>>

(* Let $\mathcal{H}_S\cong\mathbb{C}^d$ (system) and $\mathcal{H}_E$ (environment) be finite-dimensional Hilbert spaces, let $\eta$ be a density operator on $\mathcal{H}_E$, and let $U_1,U_2$ be unitaries on $\mathcal{H}_S\otimes\mathcal{H}_E$ describing the joint evolution from time $r$ to time $s$ and from time $s$ to time $t$ ($r<s<t$), respectively. Define the linear maps on $\mathcal{B}(\mathcal{H}_S)$ $$\Lambda_{s:r}(X)=\operatorname{tr}_E[U_1(X\otimes\eta)U_1^\dagger],\qquad \Lambda_{t:r}(X)=\operatorname{tr}_E[U_2U_1(X\otimes\eta)U_1^\dagger U_2^\dagger],$$ and, for each density operator $\rho$ on $\mathcal{H}_S$, $\eta_s(\rho):=\operatorname{tr}_S[U_1(\rho\otimes\eta)U_1^\dagger]$ and $\Lambda^{(\rho)}_{t:s}(\sigma):=\operatorname{tr}_E[U_2(\sigma\otimes\eta_s(\rho))U_2^\dagger]$. Suppose the process is oCP-divisible, i.e. $\Lambda^{(\rho)}_{t:s}$ is the same map $\Lambda_{t:s}$ for every density operator $\rho$, and $\Lambda_{t:r}=\Lambda_{t:s}\circ\Lambda_{s:r}$. If in addition $\Lambda_{s:r}$ is invertible as a linear map on $\mathcal{B}(\mathcal{H}_S)$, then the map $\Phi_{t:s}:=\Lambda_{t:r}\circ\Lambda_{s:r}^{-1}$ is completely positive, i.e. the process is also iCP-divisible.
   Context: $\operatorname{tr}_E$ and $\operatorname{tr}_S$ denote partial traces over environment and system. The map $\Lambda^{(\rho)}_{t:s}$ describes the system dynamics from $s$ to $t$ when the system was prepared in $\rho$ at time $r$, discarded just before $s$ and replaced by a fresh state $\sigma$ at $s$. ''iCP-divisible'' (CP divisible by inversion) means: $\Lambda_{s:r}$ is invertible and $\Lambda_{t:r}\circ\Lambda_{s:r}^{-1}$ is completely positive. *)

(* Finite-dimensional quantum mechanics over an abstract
   numClosedFieldType C (the library's structure for complex-like fields;
   the complex numbers are an instance).  Matrices 'M[C]_n model B(C^n);
   tensor products use the Kronecker product [tensmx] of mathcomp-real-closed,
   with the index convention of [mxtens_index] (system index first). *)
From HB Require Import structures.
From mathcomp Require Import all_boot all_order all_algebra.
From mathcomp Require Import mxtens.
Set Implicit Arguments.
Unset Strict Implicit.
Unset Printing Implicit Defensive.
Import Order.TTheory GRing.Theory Num.Theory.
Local Open Scope ring_scope.

Section QDefs.
Context {C : numClosedFieldType}.

Definition adjmx {m n} (A : 'M[C]_(m, n)) : 'M[C]_(n, m) := map_mx Num.conj (A^T).

Definition unitary {n} (U : 'M[C]_n) : Prop := U *m adjmx U = 1%:M.

Definition psd {n} (A : 'M[C]_n) : Prop :=
  adjmx A = A /\ forall v : 'cV[C]_n, 0 <= (adjmx v *m A *m v) ord0 ord0.

Definition density {n} (rho : 'M[C]_n) : Prop := psd rho /\ \tr rho = 1.

Definition ptrE {d e} (M : 'M[C]_(d * e)) : 'M[C]_d :=
  \matrix_(i, j) \sum_(k < e) M (mxtens_index (i, k)) (mxtens_index (j, k)).

Definition ptrS {d e} (M : 'M[C]_(d * e)) : 'M[C]_e :=
  \matrix_(k, l) \sum_(i < d) M (mxtens_index (i, k)) (mxtens_index (i, l)).

Definition blockmx {k d} (X : 'M[C]_(k * d)) (a b : 'I_k) : 'M[C]_d :=
  \matrix_(i, j) X (mxtens_index (a, i)) (mxtens_index (b, j)).

(* ampliation id_k (x) Phi *)
Definition ampl {d} (k : nat) (Phi : 'M[C]_d -> 'M[C]_d) (X : 'M[C]_(k * d))
  : 'M[C]_(k * d) :=
  \sum_(a < k) \sum_(b < k) tensmx (delta_mx a b : 'M[C]_k) (Phi (blockmx X a b)).

Definition completely_positive {d} (Phi : 'M[C]_d -> 'M[C]_d) : Prop :=
  forall (k : nat) (X : 'M[C]_(k * d)), psd X -> psd (ampl Phi X).

Definition Lsr {d e} (eta : 'M[C]_e) (U1 : 'M[C]_(d * e)) (X : 'M[C]_d) : 'M[C]_d :=
  ptrE (U1 *m tensmx X eta *m adjmx U1).

Definition Ltr {d e} (eta : 'M[C]_e) (U1 U2 : 'M[C]_(d * e)) (X : 'M[C]_d)
  : 'M[C]_d :=
  ptrE (U2 *m U1 *m tensmx X eta *m adjmx U1 *m adjmx U2).

Definition eta_s {d e} (eta : 'M[C]_e) (U1 : 'M[C]_(d * e)) (rho : 'M[C]_d)
  : 'M[C]_e :=
  ptrS (U1 *m tensmx rho eta *m adjmx U1).

Definition Lts_rho {d e} (eta : 'M[C]_e) (U1 U2 : 'M[C]_(d * e)) (rho : 'M[C]_d)
  (sigma : 'M[C]_d) : 'M[C]_d :=
  ptrE (U2 *m tensmx sigma (eta_s eta U1 rho) *m adjmx U2).

End QDefs.

(* Since Linv is a right inverse of Lambda_{s:r}, oCP-divisibility gives
   Lambda_{t:r} o Linv = Lambda_{t:s} = Lambda^(rho)_{t:s} for any state rho, i.e.
   the map sigma |-> tr_E[U2 (sigma (x) eta_s(rho)) U2^+].  Writing the positive
   operator eta_s(rho) as B^+ B, this dilation takes the Kraus form
   sigma |-> sum_kl K_kl sigma K_kl^+ with K_kl = <k| U2 (1 (x) B^+) |l>, and
   ampliations of Kraus maps are again Kraus maps, hence positive. *)

From HB Require Import structures.
From mathcomp Require Import all_boot all_order all_algebra.
From mathcomp Require Import mxtens spectral.
Set Implicit Arguments.
Unset Strict Implicit.
Unset Printing Implicit Defensive.
Import GRing.Theory Num.Theory.
Local Open Scope ring_scope.

Section Adjoint.
Context {C : numClosedFieldType}.

Lemma adjmxE m n (A : 'M[C]_(m, n)) i j : adjmx A i j = (A j i)^*.
Proof. by rewrite !mxE. Qed.

Lemma adjmxK m n (A : 'M[C]_(m, n)) : adjmx (adjmx A) = A.
Proof. exact: trmxCK. Qed.

Lemma adjmxM m n p (A : 'M[C]_(m, n)) (B : 'M[C]_(n, p)) :
  adjmx (A *m B) = adjmx B *m adjmx A.
Proof. by rewrite /adjmx trmx_mul map_mxM. Qed.

Lemma adjmx_sum (I : finType) m n (F : I -> 'M[C]_(m, n)) :
  adjmx (\sum_i F i) = \sum_i adjmx (F i).
Proof. by rewrite /adjmx raddf_sum [LHS]raddf_sum. Qed.

Lemma adjmx_delta m n (i : 'I_m) (j : 'I_n) :
  adjmx (delta_mx i j : 'M[C]_(m, n)) = delta_mx j i.
Proof. by apply/matrixP => k l; rewrite !mxE conjC_nat andbC. Qed.

Lemma adjmx1 n : adjmx (1%:M : 'M[C]_n) = 1%:M.
Proof. by rewrite /adjmx trmx1 map_mx1. Qed.

Lemma adjmx_tens m n p q (A : 'M[C]_(m, n)) (B : 'M[C]_(p, q)) :
  adjmx (tensmx A B) = tensmx (adjmx A) (adjmx B).
Proof. by rewrite /adjmx trmx_tens map_mxT. Qed.

End Adjoint.

Section Positivity.
Context {C : numClosedFieldType}.

Lemma psd_dim0 n (A : 'M[C]_n) : n = 0%N -> psd A.
Proof.
move=> n0; subst n; split; first by apply/matrixP => -[].
by move=> v; rewrite mxE big_ord0.
Qed.

Lemma psd_mulmx_adj m n (A : 'M[C]_(m, n)) (X : 'M[C]_n) :
  psd X -> psd (A *m X *m adjmx A).
Proof.
move=> [hermX posX]; split; first by rewrite !adjmxM adjmxK hermX mulmxA.
by move=> v; have := posX (adjmx A *m v); rewrite adjmxM adjmxK !mulmxA.
Qed.

Lemma psd_sum (I : finType) n (F : I -> 'M[C]_n) :
  (forall i, psd (F i)) -> psd (\sum_i F i).
Proof.
move=> psdF; split.
  by rewrite adjmx_sum; apply: eq_bigr => i _; case: (psdF i).
move=> v; rewrite mulmx_sumr mulmx_suml summxE.
by apply: sumr_ge0 => i _; case: (psdF i) => _ ->.
Qed.

Lemma psd_gram m n (M : 'M[C]_(m, n)) : psd (adjmx M *m M).
Proof.
split; first by rewrite adjmxM adjmxK.
move=> v; rewrite !mulmxA -adjmxM -mulmxA mxE.
by apply: sumr_ge0 => i _; rewrite adjmxE mulrC mul_conjC_ge0.
Qed.

(* Diagonalise A = P^+ D P with P unitary; testing A against the rows of P
   shows that D is nonnegative, so B = sqrt(D) P works. *)
Lemma psd_gramP n (A : 'M[C]_n) : psd A -> exists B : 'M[C]_n, A = adjmx B *m B.
Proof.
move=> [hermA posA].
have normalA : A \is normalmx.
  by apply/normalmxP; change (A *m adjmx A = adjmx A *m A); rewrite hermA.
set P := spectralmx A; set c := spectral_diag A.
have PPadj : P *m adjmx P = 1%:M by apply/unitarymxP/spectral_unitarymx.
have defA : A = adjmx P *m diag_mx c *m P.
  by rewrite {1}(orthomx_spectralP normalA) invmx_unitary ?spectral_unitarymx.
have c_ge0 i : 0 <= c 0 i.
  have rowPP : row i P *m adjmx P = 'e_i by rewrite -row_mul PPadj row1.
  have := posA (adjmx (row i P)).
  rewrite adjmxK defA !mulmxA rowPP -mulmxA -[P *m _]adjmxK adjmxM adjmxK rowPP.
  rewrite -rowE row_diag_mx -scalemxAl mxE adjmx_delta mul_delta_mx.
  by rewrite mxE eqxx mulr1.
set s := \row_i sqrtC (c 0 i).
have sq_s : adjmx (diag_mx s) *m diag_mx s = diag_mx c.
  apply/matrixP => i j; rewrite !mxE (bigD1 i) //= big1 => [|k ki]; last first.
    by rewrite adjmxE mxE (negbTE ki) mulr0n conjC0 mul0r.
  rewrite adjmxE !mxE eqxx mulr1n addr0 mulrnAr.
  by rewrite conj_Creal ?ger0_real ?sqrtC_ge0 // -expr2 sqrtCK.
by exists (diag_mx s *m P); rewrite adjmxM defA -sq_s !mulmxA.
Qed.

Lemma psd_tens m n (A : 'M[C]_m) (B : 'M[C]_n) :
  psd A -> psd B -> psd (tensmx A B).
Proof.
move=> /psd_gramP [P ->] /psd_gramP [Q ->].
by rewrite -tensmx_mul -adjmx_tens; apply: psd_gram.
Qed.

End Positivity.

Section Kraus.
Context {C : numClosedFieldType}.

Definition kraus_map (T : finType) m n (K : T -> 'M[C]_(m, n)) (X : 'M[C]_n)
  : 'M[C]_m :=
  \sum_t K t *m X *m adjmx (K t).

Lemma kraus_map_psd (T : finType) m n (K : T -> 'M[C]_(m, n)) X :
  psd X -> psd (kraus_map K X).
Proof. by move=> psdX; apply: psd_sum => t; apply: psd_mulmx_adj. Qed.

Lemma kraus_map_conj (T : finType) m n p (A : 'M[C]_(p, m))
    (K : T -> 'M[C]_(m, n)) X :
  A *m kraus_map K X *m adjmx A = kraus_map (fun t => A *m K t) X.
Proof.
rewrite mulmx_sumr mulmx_suml; apply: eq_bigr => t _.
by rewrite adjmxM !mulmxA.
Qed.

Lemma kraus_map_comp (T S : finType) m n p (K : T -> 'M[C]_(m, n))
    (L : S -> 'M[C]_(n, p)) X :
  kraus_map K (kraus_map L X) = kraus_map (fun ts : T * S => K ts.1 *m L ts.2) X.
Proof.
rewrite {1}/kraus_map; under eq_bigr => t _ do rewrite kraus_map_conj.
exact: pair_big.
Qed.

<<

WHAT YOU WILL DO -
Tell how many lines above include "ptrE", and add no other text.

REPLY TO THE EXERCISE -
4